# How to get to hanging hair/push cutting toilet paper sharp?



## jmgray (Jul 13, 2016)

So as the title says how to I get my knifes to the next level of sharpness. Is it that I need better/finer stones I have a King 1000/6000 or is the the more likely canidate that I need better technique. I can get the knifes sharp even to shave and push cut newspaper and bite into a fingernail but would not consider them scary sharp.

Jeff


----------



## jklip13 (Jul 13, 2016)

Those stones will do it, technique is where it lies. Back when I used to work at Tosho, my previous boss could get edges like that on cheap stainless knives off of a 120/400 atoma plate. Obviously that's sort of an unrealistic goal for most of us (I've never gotten close) but it just comes down to the individual and the hands


----------



## malexthekid (Jul 13, 2016)

The better question is do you need them that sharp?

Razors have an argument to be that sharp but for a working kitchen knife i don't think it is necessary.

As an aside, my father-in-law was checking my knives out a few weeks ago and commented how sharp they were (he is no slouch and my sister-in-law is a chef who sharpens their knives so he is used to a sharp knife to a degree). And my edges are by no means exemplary.

So i think what i was getting at is that sometimes us nuts need a bit of a reality check to what is actually necessary...

Of course nothinf stopping you from trying to get to that level for sh!ts and giggles.

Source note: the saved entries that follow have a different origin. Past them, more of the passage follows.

Lemma asym_equiv_sandwich (q : R -> R) (c : R) : 0 <= c ->
  (forall k, k + g k <= q k) -> (forall k, q k <= k + c + g (k + 1)) ->
  asym_equiv q (fun k => k + g k).
Proof.
move=> c0 q_lo q_up.
have inv0 : k^-1 @[k --> +oo] --> (0 : R).
  exact: (gtr0_cvgV0 (f := id) (nbhs_pinfty_gt (num_real 0))).2 cvg_id.
pose h k := 1 + c / k + (g (k + 1) / g k - 1).
apply: (squeeze_cvgr (f := fun=> 1) (h := h)); last 2 first.
- exact: cvg_cst.
- rewrite -[X in _ --> X](_ : 1 + c * 0 + (1 - 1) = 1); last by rewrite mulr0 subrr !addr0.
  apply: cvgD; first by apply: cvgD; [exact: cvg_cst|apply: cvgM; [exact: cvg_cst|exact: inv0]].
  by apply: cvgB; [exact: ratio_shift1|exact: cvg_cst].
near=> k; have [k0 [gk _]] : 0 < k /\ 0 < g k /\ 0 < g (2 * k) by near: k.
have A0 : 0 < k + g k by rewrite addr_gt0.
rewrite ler_pdivlMr // mul1r q_lo /= ler_pdivrMr //; apply: le_trans (q_up k) _.
have ck : c / k * k = c by rewrite divfK ?lt0r_neq0.
have gk1 : (g (k + 1) / g k - 1 + 1) * g k = g (k + 1) by rewrite subrK divfK ?lt0r_neq0.
have w0 : 0 <= g (k + 1) / g k - 1 by rewrite subr_ge0 ler_pdivlMr // mul1r g_nd // lerDl.
have u0 : 0 <= c / k by rewrite divr_ge0 // ltW.
rewrite /h; move: ck gk1 w0 u0; set u := c / k; set w := g (k + 1) / g k - 1.
(* The right-hand side exceeds the left-hand one by [u * g k + w * k]. *)
clearbody u w => <- <- w0 u0; nra.
Unshelve. all: by end_near. Qed.

End NondecreasingRegularVariation.

End RealAsymptotics.

Section CdfTail.
Context d (T : measurableType d) (R : realType) (P : probability T R) (X : {RV P >-> R}).
Local Notation mu := (distribution P X).

Lemma cdfR_EFin x : (cdfR X x)%:E = cdf X x.
Proof. by rewrite /cdfR fineK // fin_num_measure. Qed.

Lemma cdfR_nd : {homo cdfR X : x y / x <= y}.
Proof. by move=> x y xy; rewrite -lee_fin !cdfR_EFin cdf_nondecreasing. Qed.

Lemma cdfR_gt0 : (\forall k \near +oo, 0 < - ln (cdfR X (- k))) -> forall x, 0 < cdfR X x.
Proof.
move=> [M [_ lnM]] x; pose k := Num.max M (- x) + 1.
have Mk : M < k by rewrite ltr_pwDr // le_max lexx.
have xk : - k <= x by rewrite lerNl ler_wpDr // le_max lexx orbT.
(* [ln] vanishes on nonpositive reals, so [F (- k) <= 0] would give [- ln (F (- k)) = 0]. *)
have Fk : 0 < cdfR X (- k).
  by rewrite ltNge; apply/negP => /ln0 F0; move: (lnM k Mk); rewrite F0 oppr0 ltxx.
exact: lt_le_trans Fk (cdfR_nd xk).
Qed.

Let integrand_measurable k (D : set R) : measurable_fun D (fun x => (expR (- k) - expR x)%:E).
Proof.
apply/measurable_EFinP; apply: measurable_funB; first exact: measurable_cst.
exact: (measurable_funTS (@measurable_expR R)).
Qed.

Let tail k := (\int[mu]_(x in `]-oo, (- k)%R]) (expR (- k) - expR x)%:E)%E.

Let tail_subset k l : k <= l ->
  (\int[mu]_(x in `]-oo, (- l)%R]) (expR (- k) - expR x)%:E <= tail k)%E.
Proof.
move=> kl; apply: ge0_subset_integral; [exact: measurable_itv|exact: measurable_itv|by []| |].
  by move=> x; rewrite /= in_itv /= => xk; rewrite lee_fin subr_ge0 ler_expR.
by move=> x; rewrite /= !in_itv /= => xl; rewrite (le_trans xl) // lerN2.
Qed.

Let tail_le_cdf k : (tail k <= (expR (- k) * cdfR X (- k))%:E)%E.
Proof.
apply: le_trans (_ : _ <= \int[mu]_(x in `]-oo, (- k)%R]) cst (expR (- k))%:E x)%E _.
  apply: ge0_le_integral; [exact: measurable_itv| |by []|exact: measurable_cst|].
    by move=> x; rewrite /= in_itv /= => xk; rewrite lee_fin subr_ge0 ler_expR.
  by move=> x _; rewrite lee_fin lerBlDr lerDl ltW // expR_gt0.
by rewrite integral_cst ?EFinM ?cdfR_EFin //; exact: measurable_itv.
Qed.

Let pfunE k : (pfun X k)%:E = tail k.
Proof.
rewrite /pfun fineK // ge0_fin_numE ?(le_lt_trans (tail_le_cdf k)) ?ltry //.
by apply: integral_ge0 => x; rewrite /= in_itv /= => xk; rewrite lee_fin subr_ge0 ler_expR.
Qed.

Lemma pfun_le_cdf k : pfun X k <= expR (- k) * cdfR X (- k).
Proof. by rewrite -lee_fin pfunE. Qed.

Lemma cdf_le_pfun k : (expR (- k) - expR (- (k + 1))) * cdfR X (- (k + 1)) <= pfun X k.
Proof.
have k1 : k <= k + 1 by lra.
rewrite -lee_fin pfunE; apply: (le_trans _ (tail_subset k1)).
rewrite EFinM cdfR_EFin -integral_cst; last exact: measurable_itv.
apply: ge0_le_integral; [exact: measurable_itv| |exact: measurable_cst|by []|].
  by move=> x _; rewrite lee_fin subr_ge0 ler_expR lerN2 lerDl.
by move=> x; rewrite /= in_itv /= => xk; rewrite lee_fin lerB // ler_expR.
Qed.

Lemma pfun_nonincreasing k l : k <= l -> pfun X l <= pfun X k.
Proof.
move=> kl; rewrite -lee_fin !pfunE; apply: (le_trans _ (tail_subset kl)).
apply: ge0_le_integral; [exact: measurable_itv| |by []|by []|].
  by move=> x; rewrite /= in_itv /= => xl; rewrite lee_fin subr_ge0 ler_expR.
by move=> x _; rewrite lee_fin lerB // ler_expR lerN2.
Qed.

Section PositiveCdf.
Hypothesis F_gt0 : forall x, 0 < cdfR X x.

Lemma pfun_gt0 k : 0 < pfun X k.
Proof.
apply: lt_le_trans (cdf_le_pfun k); rewrite mulr_gt0 // subr_gt0 ltr_expR; lra.
Qed.

Lemma neg_ln_pfun_ge k : k - ln (cdfR X (- k)) <= - ln (pfun X k).
Proof.
have : ln (pfun X k) <= ln (expR (- k) * cdfR X (- k)).
  by rewrite ler_ln ?posrE ?mulr_gt0 ?expR_gt0 ?pfun_gt0 // pfun_le_cdf.
rewrite lnM ?posrE ?expR_gt0 // expRK; lra.
Qed.

Lemma neg_ln_pfun_le k :
  - ln (pfun X k) <= k + - ln (1 - expR (-1)) + - ln (cdfR X (- (k + 1))).
Proof.
have e1 : 0 < 1 - expR (-1) :> R by rewrite subr_gt0 -[X in _ < X]expR0 ltr_expR; lra.
have : ln (expR (- k) * (1 - expR (-1)) * cdfR X (- (k + 1))) <= ln (pfun X k).
  rewrite ler_ln ?posrE ?mulr_gt0 ?expR_gt0 ?pfun_gt0 //.
  by rewrite mulrBr mulr1 -expRD -opprD; exact: cdf_le_pfun.
rewrite !lnM ?posrE ?mulr_gt0 ?expR_gt0 // expRK; lra.
Qed.

Lemma neg_ln_pfun_nd : {homo (fun k => - ln (pfun X k)) : k l / k <= l}.
Proof.
by move=> k l kl; rewrite lerN2 ler_ln ?posrE ?pfun_gt0 // pfun_nonincreasing.
Qed.

End PositiveCdf.

End CdfTail.

Theorem lemma5 (d : measure_display) (T : measurableType d) (R : realType)
  (P : probability T R) (X : {RV P >-> R}) :
  (exists2 eps : R, 0 < eps &
     (\int[P]_w (expR (- eps * X w))%:E < +oo)%E) ->
  regularly_varying (fun k : R => - ln (cdfR X (- k))) ->
  regularly_varying (fun k : R => - ln (pfun X k)) /\
  asym_equiv (fun k : R => - ln (pfun X k))
             (fun k : R => k - ln (cdfR X (- k))).
Proof.
move=> _ [_ [g_gt0 [a g_ratio]]].
have F_gt0 := cdfR_gt0 g_gt0.
have g_nd : {homo (fun k => - ln (cdfR X (- k))) : k l / k <= l}.
  by move=> k l kl; rewrite lerN2 ler_ln ?posrE // cdfR_nd // lerN2.
have c_ge0 : 0 <= - ln (1 - expR (-1)) :> R.
  by rewrite oppr_ge0 ln_le0 // lerBlDr lerDl ltW // expR_gt0.
have q_equiv := asym_equiv_sandwich g_nd g_gt0 g_ratio c_ge0
  (neg_ln_pfun_ge F_gt0) (neg_ln_pfun_le F_gt0).
split => //; apply: regularly_varying_asym_equiv q_equiv _.
  exact: nondecreasing_measurable (neg_ln_pfun_nd F_gt0).
exact: regularly_varying_id_add g_nd g_gt0 g_ratio.
Qed.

Practice and finer stones i would suggest. Remember the fundamental thing that causes something to be cut is pressure aka force over area.


----------



## jmgray (Jul 13, 2016)

As a cook I know that I don't need them sharp enough to push cut toilet paper. Or cut a hanging hair. But it is my personality to to do things to an extreme. Both good and bad things I have a tendiency of over indulgence. So this is more shits and giggles. I think I need to get more into the science of a good edge. 

Jeff


----------



## Chef Doom (Jul 13, 2016)

Practice, very thin edge, good stones, practice, lots of time on your hands. A desire to open a shaving service for traveling Yetis and Sasquatches is always a plus. Also some good friends that will pretend that they are impressed by your amazing hair popping edges. It wouldn't be worth the effort without them after all.


----------



## ThEoRy (Jul 13, 2016)

Are you stropping on felt or leather loaded with a substrate like diamond?


----------



## skewed (Jul 13, 2016)

ThEoRy said:


> Are you stropping on felt or leather loaded with a substrate like diamond?

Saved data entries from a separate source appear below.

Lemma diam_ge_branching_pair u v k : u != v -> branching e u -> branching e v ->
  diam_le e k -> (~~ e u v) + 3 <= k.
Proof.
move=> uv bu bv dk; have /connectP[p0 pp0] := e_connect u v.
case: (shortenP pp0) => P pP uP _ lP {p0 pp0}.
have Pn : P != [::] by apply: contraNneq uv => P0; rewrite lP P0.
have sizeP : (~~ e u v) < size P.
  case: (P) pP lP Pn => [|w [|w2 P']] //=; last by case: (e u v).
  by move=> /andP[uw _] -> _; rewrite uw.
have [y /andP[pyP uyP]] := branching_path_cons pP uP Pn bu.
set r := rev (belast y (u :: P)).
have rev_yuP : rev (y :: u :: P) = v :: r by rewrite lastI rev_rcons lP.
have pvr : path e v r by rewrite -[path _ _ _]/(sorted e (v :: r)) -rev_yuP sorted_rev_sym.
have uvr : uniq (v :: r) by rewrite -rev_yuP rev_uniq.
have rn : r != [::] by rewrite -size_eq0 size_rev size_belast.
have [z /andP[pz uz]] := branching_path_cons pvr uvr rn bv.
have := simple_path_size_le e_sym e_acyclic (s := [:: z, v & r]) pz uz dk.
by rewrite /= size_rev size_belast; move: sizeP; case: (~~ e u v) => /=; lia.
Qed.

Lemma diam_ge_branching_triple u v w k : u != v -> v != w -> u != w ->
  branching e u -> branching e v -> branching e w -> diam_le e k -> 4 <= k.
Proof.
move=> uv vw uw bu bv bw dk.
have far a b : a != b -> branching e a -> branching e b -> ~~ e a b -> 4 <= k.
  by move=> ab ba bb /negbTE nab; have := diam_ge_branching_pair ab ba bb dk; rewrite nab.
have [euv|] := boolP (e u v); last exact: far.
have [evw|] := boolP (e v w); last exact: far.
have [euw|] := boolP (e u w); last exact: far.
have := e_acyclic (p := [:: u; v; w]) isT.
by rewrite /= !inE negb_or uv uw vw euv evw e_sym euw => /(_ isT).
Qed.

End TreeDiameter.

Definition degree_set n (x : 'I_n -> int) (z : int) : Prop := z = 1%R \/ exists i, z = x i.

Lemma degree_set_diam_ge n (x : 'I_n -> int) m (e s : rel 'I_m) k :
    0 < n -> injective x -> (forall i, (1 < x i)%R) ->
  signed_tree_realizing e s (degree_set x) -> diam_le e k -> minn n.+1 4 <= k.
Proof.
move=> n_gt0 x_inj x_gt1 [tree [_ real]] dk.
have vert i : exists2 v, sdeg e s v = x i & branching e v.
  have [v sv] := (real (x i)).1 (or_intror (ex_intro _ i erefl)).
  by exists v => //; apply: (sdeg_branching (s := s)); rewrite sv; have := x_gt1 i; lia.
have vert_neq i j v w : i != j -> sdeg e s v = x i -> sdeg e s w = x j -> v != w.
  by move=> ij sv sw; apply: contraNneq ij => vw; apply/eqP/x_inj; rewrite -sv -sw vw.
case: n x x_inj x_gt1 real vert vert_neq n_gt0 => [|[|[|n]]] x _ _ _ vert vert_neq // _.
- have [v _ bv] := vert ord0.
  exact: leq_trans (geq_minl _ _) (diam_ge_branching tree bv dk).
- have [u su bu] := vert ord0; have [v sv bv] := vert ord_max.
  apply: leq_trans (geq_minl _ _) (leq_trans _ (diam_ge_branching_pair tree _ bu bv dk)).
    exact: leq_addl.
  exact: vert_neq su sv.
- have [u su bu] := vert ord0; have [v sv bv] := vert (lift ord0 ord0).
  have [w sw bw] := vert ord_max.
  apply: leq_trans (geq_minr _ _) (diam_ge_branching_triple tree _ _ _ bu bv bw dk).
  - exact: vert_neq su sv.
  - exact: vert_neq sv sw.
  - exact: vert_neq su sw.
Qed.

Lemma degree_set_ord1 (x : 'I_1 -> int) z :
  degree_set x z <-> [\/ z = 1, z = x ord0 | z = 1]%R.
Proof.
rewrite /degree_set; split=> [[->|[i ->]]|[->|->|->]]; rewrite ?(ord1 i).
all: by [constructor | right; exists ord0 | left].
Qed.

Lemma degree_set_ord2 (x : 'I_2 -> int) z :
  degree_set x z <-> [\/ z = 1, z = x ord0 | z = x ord_max]%R.
Proof.
rewrite /degree_set; split=> [[->|[i ->]]|[->|->|->]]; try by [constructor 1 | left].
- have [->|->] : i = ord0 \/ i = ord_max.
    by case: i => -[|[|//]] i_lt; [left | right]; apply: val_inj.
  + by constructor 2.
  + by constructor 3.
- by right; exists ord0.
- by right; exists ord_max.
Qed.

Lemma card_set_inj (A B : finType) (f : A -> B) (P : pred B) : injective f ->
  (forall b, P b -> b \in codom f) -> #|[set b | P b]| = #|[set a | P (f a)]|.
Proof.
move=> f_inj Pf; rewrite -(card_imset _ f_inj); apply: eq_card => b; rewrite inE.
apply/idP/imsetP => [Pb|[a]]; last by rewrite inE => Pa ->.
by have /codomP[a eq_b] := Pf b Pb; exists a; rewrite // inE -eq_b.
Qed.

Section RootedTrees.
Variables (T : finType) (e : rel T) (root : T) (parent : T -> T) (depth : T -> nat).
Hypothesis e_sym : symmetric e.
Hypothesis parent_edge : forall x, x != root -> e x (parent x) && (depth (parent x) < depth x).
Hypothesis edge_parent : forall x y, e x y ->
  (y == parent x) && (depth y < depth x) || (x == parent y) && (depth x < depth y).

Lemma rooted_irr : irreflexive e.
Proof. by move=> x; apply/negP => /edge_parent; rewrite ltnn !andbF. Qed.

Lemma rooted_connect x y : connect e x y.
Proof.
suff to_root z : connect e z root.
  by apply: connect_trans (to_root x) _; rewrite (sym_connect_sym e_sym) to_root.
elim: {z}(depth z) {-2}z (leqnn (depth z)) => [|d IH] z dz.
  have [->|/parent_edge/andP[_]] := eqVneq z root; first exact: connect0.
  by rewrite ltnNge; move: dz; rewrite leqn0 => /eqP ->.
have [->|/parent_edge/andP[ez lt_z]] := eqVneq z root; first exact: connect0.
by apply: connect_trans (connect1 ez) (IH _ _); rewrite -ltnS (leq_trans lt_z).
Qed.

(* In a cycle, both neighbours of a vertex of maximal depth would have to be its parent. *)
Lemma rooted_acyclic : acyclic e.
Proof.
move=> p size_p uniq_p; apply/negP => cycle_p.
have [x0 x0p] : exists x0, x0 \in p.
  by case: p size_p {uniq_p cycle_p} => // a p _; exists a; rewrite inE eqxx.
have [w wp w_max] := @arg_maxnP _ _ (fun z => z \in p) depth x0p.
have [i p' rot_p] := rot_to wp.
have : cycle e (w :: p') by rewrite -rot_p rot_cycle.
have : uniq (w :: p') by rewrite -rot_p rot_uniq.
have : 2 <= size p' by move: size_p; rewrite -(size_rot i p) rot_p.
have le_w z : z \in p' -> depth z <= depth w.
  by move=> zp; apply: w_max; rewrite -(mem_rot i) rot_p inE zp orbT.
case: p' {rot_p} le_w => [|a [|b p'']] // le_w _.
rewrite /= rcons_path => /andP[_ /andP[ap _]] /and3P[ewa _ /andP[_ ebw]].
have first_parent : a = parent w.
  move: (edge_parent ewa) => /orP[/andP[/eqP //]|/andP[_ lt_wa]].
  by have := le_w a; rewrite inE eqxx => /(_ isT); rewrite leqNgt lt_wa.
have last_parent : last b p'' = parent w.
  move: (edge_parent ebw) => /orP[/andP[_ lt_wl]|/andP[/eqP // _]].
  by have := le_w (last b p''); rewrite inE mem_last orbT => /(_ isT); rewrite leqNgt lt_wl.
by move: ap; rewrite first_parent -last_parent mem_last.
Qed.

End RootedTrees.

Section Relabel.
Variable T : finType.
Implicit Types (e s : rel T) (D : int -> Prop).

Definition relabel e : rel 'I_#|T| := fun x y => e (enum_val x) (enum_val y).

Definition sdegT e s (v : T) : int :=
  (#|[set u | e v u && s v u]|%:Z - #|[set u | e v u && ~~ s v u]|%:Z)%R.

Lemma sdeg_relabel e s v : sdeg (relabel e) (relabel s) v = sdegT e s (enum_val v).
Proof.
have enum_val_onto t : t \in codom (enum_val : 'I_#|T| -> T).
  by rewrite -[t in t \in _]enum_rankK codom_f.
by rewrite /sdegT !(card_set_inj enum_val_inj (fun t _ => enum_val_onto t)).
Qed.

Lemma realizes_relabel e s D :
  (forall z, D z <-> exists t, sdegT e s t = z) -> realizes (relabel e) (relabel s) D.
Proof.
move=> D_sdeg z; rewrite D_sdeg; split=> [[t <-]|[v <-]].
  by exists (enum_rank t); rewrite sdeg_relabel enum_rankK.
by exists (enum_val v); rewrite sdeg_relabel.
Qed.

Lemma path_relabel e x p : path (relabel e) (enum_rank x) (map enum_rank p) = path e x p.
Proof. by rewrite path_map; apply: eq_path => y z; rewrite /relabel /= !enum_rankK. Qed.

Lemma ball_relabel e x p :
  path e x p -> enum_rank (last x p) \in ball (relabel e) (size p) (enum_rank x).
Proof.
by rewrite -path_relabel => /ball_path; rewrite size_map (last_map enum_rank).
Qed.

Lemma relabel_tree e (x0 : T) : symmetric e -> irreflexive e ->
  (forall x y, connect e x y) -> acyclic e -> is_tree (relabel e).
Proof.
move=> e_sym e_irr e_conn e_acyc; split; first by apply/card_gt0P; exists x0.
split; first by split=> [x y|x]; rewrite /relabel /= ?e_irr // e_sym.
split=> [x y|p size_p uniq_p].
  have /connectP[p pp ey] := e_conn (enum_val x) (enum_val y).
  apply/connectP; exists (map enum_rank p); first by rewrite -[x]enum_valK path_relabel.
  by rewrite -[x]enum_valK (last_map enum_rank) -ey enum_valK.
by rewrite /relabel -cycle_map e_acyc ?size_map ?(map_inj_uniq enum_val_inj).
Qed.

End Relabel.

(* The rooted tree of depth two with a middle vertex for each j : I, joined to the root by an
   edge of sign sg j and carrying L j positive leaves. *)
Module TwoLevel.
Section TwoLevel.
Variables (I : finType) (L : I -> nat) (sg : I -> bool).

Definition vertex : finType := option (I + {j : I & 'I_(L j)}).
Definition root : vertex := None.
Definition mid j : vertex := Some (inl j).
Definition leaf j (t : 'I_(L j)) : vertex := Some (inr (Tagged _ t)).

Definition edge (x y : vertex) : bool :=
  match x, y with
  | None, Some (inl _) | Some (inl _), None => true
  | Some (inl j), Some (inr p) | Some (inr p), Some (inl j) => tag p == j
  | _, _ => false
  end.

Definition sign (x y : vertex) : bool :=
  match x, y with
  | None, Some (inl j) | Some (inl j), None => sg j
  | _, _ => true
  end.

Definition parent (x : vertex) : vertex :=
  if x is Some (inr p) then mid (tag p) else root.

Definition depth (x : vertex) : nat :=
  match x with None => 0 | Some (inl _) => 1 | Some (inr _) => 2 end.

Lemma edge_sym : symmetric edge.
Proof. by case=> [[j|p]|] [[j'|p']|]. Qed.

Lemma sign_sym : symmetric sign.
Proof. by case=> [[j|p]|] [[j'|p']|]. Qed.

Lemma parent_edge x : x != root -> edge x (parent x) && (depth (parent x) < depth x).
Proof. by case: x => [[j|p]|] //= _; rewrite eqxx. Qed.

Lemma edge_parent x y : edge x y ->
  (y == parent x) && (depth y < depth x) || (x == parent y) && (depth x < depth y).
Proof. by case: x y => [[j|[j t]]|] [[j'|[j' t']]|] //= /eqP->; rewrite eqxx ?orbT. Qed.

Lemma relabel_is_tree : is_tree (relabel edge).
Proof.
exact: relabel_tree root edge_sym (rooted_irr edge_parent)
  (rooted_connect edge_sym parent_edge) (rooted_acyclic edge_parent).
Qed.

Lemma relabel_edge_sym : symmetric (relabel edge).
Proof. by move=> x y; rewrite /relabel /= edge_sym. Qed.

Lemma relabel_realizing D : (forall z, D z <-> exists t, sdegT edge sign t = z) ->
  signed_tree_realizing (relabel edge) (relabel sign) D.
Proof.
split; first exact: relabel_is_tree.
split; last exact: realizes_relabel.
by move=> x y; rewrite /relabel /= sign_sym.
Qed.

Lemma ball_root k t : depth t <= k -> enum_rank t \in ball (relabel edge) k (enum_rank root).
Proof.
move/ball_le; apply; case: t => [[j|p]|].
- exact: (@ball_relabel _ edge root [:: mid j]).
- by have := @ball_relabel _ edge root [:: mid (tag p); Some (inr p)]; rewrite /= eqxx; apply.
- exact: (@ball_relabel _ edge root [::]).
Qed.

+1 After a 6k Arashiyama/TakenokoI I use to always roll through a progression of diamond compounds on balsa and usually ended up with hair popping edges. I stopped doing it a while back when I realized I was mostly wasting time.

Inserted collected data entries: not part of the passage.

Theorem mainTheorem6 (K : fieldType) (V Ed : Type) (r s : Ed -> V) (X : V -> Prop)
  (HX : forall v, X v -> regular s v)
  (HL : relative_condL r s X)
  (A : pzRingType) (pi : cterm K V Ed -> A)
  (pi_wd : forall x y, cohn_eq r s X x y -> pi x = pi y)
  (pi_add : forall x y, pi (cadd x y) = pi x + pi y)
  (pi_mul : forall x y, pi (cmul x y) = pi x * pi y)
  (H1 : forall u, ~ Yset s X u -> pi (cV K Ed u) <> 0)
  (H2 : forall v l, Yset s X v -> enumerates s v l ->
          pi (cadd (cV K Ed v) (cneg (sumEE K V l))) <> 0)
  (H3 : forall v l, Yset s X v -> enumerates s v l -> pi (sumEE K V l) <> 0) :
  forall x y, pi x = pi y -> cohn_eq r s X x y.
Proof.
exact: (pi_injective pi_wd pi_add pi_mul H1 H2 HL HX).
Qed.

As Chef Doom noted, it is fun when friends act like they are impressed.

Cheers,
rj


----------



## jmgray (Jul 13, 2016)

I am fairly new to the whetstone and stropping thing. My sharpening setup in rudimentary at best right now it includes the king combination stone,a soft pine board for reburring and
newspaper or cardboard for stropping. It is still better than the Norton oil combo stone I had before I discovered japanese knives.

Jeff


----------



## skewed (Jul 13, 2016)

jmgray said:


> I am fairly new to the whetstone and stropping thing. My sharpening setup in rudimentary at best right now it includes the king combination stone,a soft pine board for reburring and
> newspaper or cardboard for stropping. It is still better than the Norton oil combo stone I had before I discovered japanese knives.
> 
> Jeff



Not a bad set up at all. For most people to get a kitchen knife to pop a hanging hair would take a finer stone or strops loaded with compound as well as good technique.


----------



## psfred (Jul 13, 2016)

I use a Bester 1200 and a King 6000 for much of my sharpening (I have other stones, but those two have been in use for about 20 years). I don't get hair popping sharp edges every time, but my knives are plenty sharp for what I do with them.

I suspect super sharp edges require very steady honing, and I wobble too much since I don't get enough practice. The more you sharpen, the more refined the edge is going to get.

You may get better results if you do as I often do, strop on soft wood loaded with chromium oxide. Half micron, very hard, but more forgiving than diamond to say nothing of cheaper. 

Peter


----------



## andur (Jul 14, 2016)

http://www.coticule.be/hanging-hair-test.html
People say "hangig hair test" for different things sometimes. This description from the Coticule site has been my favorite so far.

I had a hard time getting a decent HHT4 or HHT5 before I got a 12k stone. Coarser ones wouldn't work with my poor technique. A steady supply of uniform hair is neede. I use my wifes hair brush.


----------



## Asteger (Jul 14, 2016)

jmgray said:


> As a cook I know that I don't need them sharp enough to push cut toilet paper. Or cut a hanging hair. But it is my personality to to do things to an extreme. Both good and bad things I have a tendiency of over indulgence. So this is more shits and giggles. I think I need to get more into the science of a good edge.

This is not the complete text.